Tuesday, April 29, 2014

My code review checklist

I am not a fan of checklists (especially for code reviews). Code review checklists start small and then slow become a large, unwieldy. After sometime checklist becomes a bottleneck and instead of improving effectiveness of your process, these lengthy checklists start reducing the effectiveness. 

However, there are situations where I used checklists and they worked very well. For example, a Customer Release checklist. There are many small small things that you need to do before sending the new release to customer. Its easy to miss few critical steps. A release checklist worked very well.

I was not sure why typical organization checklists did not work well in cases like code review. Sometime back I read Atul Gawande's book 'Checklist Manifesto'. It triggered my interest in Checklists. As first step I extracted a Code Review checklist from my code review training content. I have used this 'mental' checklist for a many-many years. It has worked well for me even with different programming languages (C/C++, Java, Python, C#, Javascript) and technologies. 

Here is my code review checklist.



PS> Based on my experiences, information from Atul Gawande's book and from information internet, I have now prepared a 4 hour hands-on session on creating and improving the checklists. Contact me if you are interested.

Tuesday, April 08, 2014

Simple Code analysis with TC Tool - Analyzing code duplication

There are many code duplication tools available (opensource and commercial) like CPD - Copy Paste Detector or Simian. However CDD (Code Duplication Detector) in TCToolkit has some unique advantages.In a previous blog post I have explained why I wrote CDD
  • It uses excellent Pygments library for parsing the source code. Hence all the languages supported by Pygments are supported by CDD for duplication check.
  • It is reasonably Fast.  Last few weeks I spent some time optimizing it for speed.
    For example, on my Dell laptop it detected 164 duplicates in 1445 files of Tomcat source code in 45 seconds.
  • It can output duplications in multiple formats. 
    • In simple text format.
    • In HTML format with 'syntax highlighted' duplicate text fragments
    • It can also add Cpp/Java style '// code comments' in the original source code.
  • It create a matrix visualization of duplication to identify any duplication patterns. See the example below for Tomcat source (org/apache/coyote/http11) directory.


Here is the command line that I used for tomcat code analysis
cdd.py -l java -o javadups.htm
To see all the options available
cdd.py --help
There are few other simple code visualization tools in TCToolkit like TTC (Token Tag Cloud) or CCOM (Class Concurrence Matrix). I will explain their usage in later posts.

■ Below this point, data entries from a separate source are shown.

(* Let $G$ be a connected finite simple graph on the vertex set $\{1,\ldots,d\}$ with $d\ge 2$. Then the symmetric edge polytope $\mathcal{P}^{\pm}_G$, regarded as a Fano polytope in $\mathbb{R}^{d-1}$ via the identification $\phi:\mathbb{R}^{d-1}\to\mathcal{H}$, cannot split if and only if $G$ is 2-connected.
   Context: For an edge $e=\{i,j\}$ set $\sigma(e)=\mathbf{e}_i-\mathbf{e}_j\in\mathbb{R}^d$; $\mathcal{P}^{\pm}_G$ is the convex hull of $\{\pm\sigma(e): e\in E(G)\}$. It lies in $\mathcal{H}=\{x: x_1+\cdots+x_d=0\}$, identified with $\mathbb{R}^{d-1}$ via $\phi(y_1,\ldots,y_{d-1})=(y_1,\ldots,y_{d-1},-(y_1+\cdots+y_{d-1}))$; it is then a Fano polytope (a full-dimensional integral polytope whose only interior lattice point is the origin). A Fano polytope $\mathcal{P}\subset\mathbb{R}^D$ splits if, after a unimodular change of lattice coordinates (an element of $GL_D(\mathbb{Z})$, e.g. a renumbering of coordinates), there are $D_1,D_2\ge1$ with $D_1+D_2=D$ and Fano polytopes $\mathcal{P}_1\subset\mathbb{R}^{D_1}$, $\mathcal{P}_2\subset\mathbb{R}^{D_2}$ such that $\mathcal{P}=\operatorname{conv}(\{(a,\mathbf{0}):a\in\mathcal{P}_1\}\cup\{(\mathbf{0},b):b\in\mathcal{P}_2\})$. A connected graph $G$ is 2-connected if for every vertex $i$ the induced subgraph on $V(G)\setminus\{i\}$ is connected. *)

From HB Require Import structures.
From mathcomp Require Import all_boot all_order all_algebra.
From mathcomp Require Import reals.
Set Implicit Arguments. Unset Strict Implicit. Unset Printing Implicit Defensive.
Import Order.TTheory GRing.Theory Num.Theory.
Local Open Scope ring_scope.

Section Defs.
Variable R : realType.

Definition convhull n (A : 'rV[R]_n -> Prop) : 'rV[R]_n -> Prop :=
  fun x => exists (k : nat) (p : 'I_k -> 'rV[R]_n) (w : 'I_k -> R),
    (forall i, A (p i)) /\ (forall i, 0 <= w i) /\ (\sum_i w i = 1) /\
    x = \sum_i w i *: p i.

Definition lattice_pt n (x : 'rV[R]_n) : Prop := forall i, exists z : int, x 0 i = z%:~R.

(* topological interior (w.r.t. the sup-norm, i.e. the usual topology of R^n) *)
Definition interior_pt n (P : 'rV[R]_n -> Prop) (x : 'rV[R]_n) : Prop :=
  exists2 eps : R, 0 < eps & forall y : 'rV[R]_n, (forall i, `|y 0 i - x 0 i| < eps) -> P y.

Definition integral_polytope n (P : 'rV[R]_n -> Prop) : Prop :=
  exists s : seq 'rV[R]_n, (forall v, v \in s -> lattice_pt v) /\
    (forall x, P x <-> convhull (fun v => v \in s) x).

Definition fano n (P : 'rV[R]_n -> Prop) : Prop :=
  integral_polytope P /\ (exists x, interior_pt P x) /\
  (forall x, lattice_pt x -> (interior_pt P x <-> x = 0)).

(* unimodular change of lattice coordinates: x |-> x *m U with U in GL_n(Z) *)
Definition unimodular n (U : 'M[int]_n) : Prop := `|\det U| = 1.

Definition splits n (P : 'rV[R]_n -> Prop) : Prop :=
  exists (U : 'M[int]_n) (n1 n2 : nat) (e : (n1 + n2)%N = n)
         (P1 : 'rV[R]_n1 -> Prop) (P2 : 'rV[R]_n2 -> Prop),
    unimodular U /\ (0 < n1)%N /\ (0 < n2)%N /\ fano P1 /\ fano P2 /\
    (forall y, (exists2 x, P x & y = x *m map_mx intr U) <->
       convhull (fun z => (exists2 a, P1 a & z = castmx (erefl 1%N, e) (row_mx a 0)) \/
                          (exists2 b, P2 b & z = castmx (erefl 1%N, e) (row_mx 0 b))) y).

Definition sigma d (i j : 'I_d) : 'rV[R]_d := delta_mx 0 i - delta_mx 0 j.

(* k-th coordinate of y (0 if out of range) *)
Definition coord_nat n (y : 'rV[R]_n) (k : nat) : R :=
  if insub k is Some j then y 0 j else 0.

Definition phi d (y : 'rV[R]_d.-1) : 'rV[R]_d :=
  \row_(i < d) (if (i < d.-1)%N then coord_nat y i else - \sum_j y 0 j).

Definition sym_edge_polytope d (E : rel 'I_d) : 'rV[R]_d -> Prop :=
  convhull (fun x => exists i j, E i j /\ (x = sigma i j \/ x = - sigma i j)).

Definition sym_edge_polytope_H d (E : rel 'I_d) : 'rV[R]_d.-1 -> Prop :=
  fun y => sym_edge_polytope E (phi y).

End Defs.

(* finite simple graphs on {1..d} = 'I_d : symmetric irreflexive relations *)
Definition simple_graph d (E : rel 'I_d) : Prop := symmetric E /\ irreflexive E.

Definition connected_graph d (E : rel 'I_d) : Prop := forall i j, connect E i j.

Definition delete_vertex d (E : rel 'I_d) (v : 'I_d) : rel 'I_d :=
  fun a b => [&& E a b, a != v & b != v].

Definition two_connected d (E : rel 'I_d) : Prop :=
  connected_graph E /\
  forall v i j, i != v -> j != v -> connect (delete_vertex E v) i j.

(* Read in the unimodular coordinates of a splitting, every edge vector sigma(p,q)
   lies in one of the two summands: it is the unique point of the polytope maximising
   x_p - x_q, so it must be one of the points averaged to obtain it.  Both summands
   receive edges because both are full-dimensional.  In a 2-connected graph some vertex v
   then carries edges va and vc of different kinds; closing them up by a path from a to c
   that avoids v gives a cycle whose edge vectors sum to zero, and regrouping that sum by
   kinds yields a vector of the hyperplane, with v-coordinate 1, in the kernels of both
   projections, which is absurd.
   Conversely, for a cut vertex v separating the other vertices into A and B, eliminating
   x_v through x_1 + ... + x_d = 0 and listing the coordinates of A before those of B is a
   unimodular change of coordinates that turns the polytope into the free sum of the
   polytopes of G[v + A] and G[v + B].  Each summand is Fano: its edge vectors are
   differences of 0/1 vectors, and paths to v put a multiple of every unit vector in it. *)

From HB Require Import structures.
From mathcomp Require Import all_boot all_order all_algebra.
From mathcomp Require Import reals ring lra.
From Stdlib Require Import Classical.
Set Implicit Arguments. Unset Strict Implicit. Unset Printing Implicit Defensive.
Import Order.TTheory GRing.Theory Num.Theory.
Local Open Scope ring_scope.

Lemma split_lshift m n (i : 'I_m) : split (lshift n i) = inl i.
Proof. exact: (unsplitK (inl i)). Qed.

Lemma split_rshift m n (i : 'I_n) : split (rshift m i) = inr i.
Proof. exact: (unsplitK (inr i)). Qed.

Lemma connect_ind (T : finType) (e : rel T) (P : T -> T -> Prop) :
  (forall x, P x x) -> (forall x y z, e x y -> P y z -> P x z) ->
  forall x z, connect e x z -> P x z.
Proof.
move=> P_refl P_step x z /connectP[p]; elim: p x => [|y p IHp] x /=; first by move=> _ ->.
by move=> /andP[exy py] z_last; apply: P_step exy (IHp _ py z_last).
Qed.

Lemma connect_neq_edge (T : finType) (e : rel T) x y :
  connect e x y -> x != y -> exists z, e x z.
Proof.
move=> /connectP[[|z p] /=]; first by move=> _ ->; rewrite eqxx.
by move=> /andP[exz _] _ _; exists z.
Qed.

(** * Convex hulls *)

Section ConvexHull.
Variables (R : realType) (n : nat).
Implicit Types (A B C : 'rV[R]_n -> Prop) (x y : 'rV[R]_n).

Give it a try and tell me your opinion.

Saturday, March 22, 2014

TCToolkit Update (Version 0.6.x)

When I consulted to companies on improving their source code (for refactoring it, improving the performance, detecting the design bottlenecks, detecting problematic files etc), I needed a way to quickly analyze a code base. However, there were not many tools available which gave me a quick insight on code. Commercial tools like Coverity, KlocWorks, Lattix etc are expensive. Because i could use it, I had to convince my client to 'license' it and that was difficult. Hence about 2 years back I wrote few python scripts to quickly help me analyze a codebase. Later I open sourced these python scripts a 'TCToolkit'.  

Recently I have done significant refactoring and updates to these scripts and also added some new scripts. Also I have moved the TCToolkit code to Bitbucket. (https://bitbucket.org/nitinbhide/tctoolkit ). 

Important updates are listed below

  1. Improved the performance of CDD (Code Duplication Detector). On my Dell laptop, subversion C code base (around 450 files) can now be analyzed for duplication in about 90 seconds.
  2. Now I use d3js library for generating the visualizations. Token tag cloud (TCC) now uses d3js for generating the tag cloud. CDD uses d3js for displaying the 'duplication matrix'.
  3. A new script 'CCOM' (Class Co-occurrence matrix) is added. This script analyzes the code base and finds out which classes are used together. It displays this information in matrix form.

    For example, class A has class B as member variable, or member function of class A uses class B as parameter then class A and B are treated as occuring. If a function takes two parameters objects class B and class C, then class B and C are treated as 'co-occurring'.
    If classes are co-occurring, then chances are there is some dependency between their functionality and hence changes in one MAY impact other.
  4. smjstreemap.py : This script generates a treemap visualization from the excellent freeware code metrics tool SourceMonitor. It also uses d3js for displaying the treemap.
 Give it a try on on your code base and see what kind of insights you get about your project.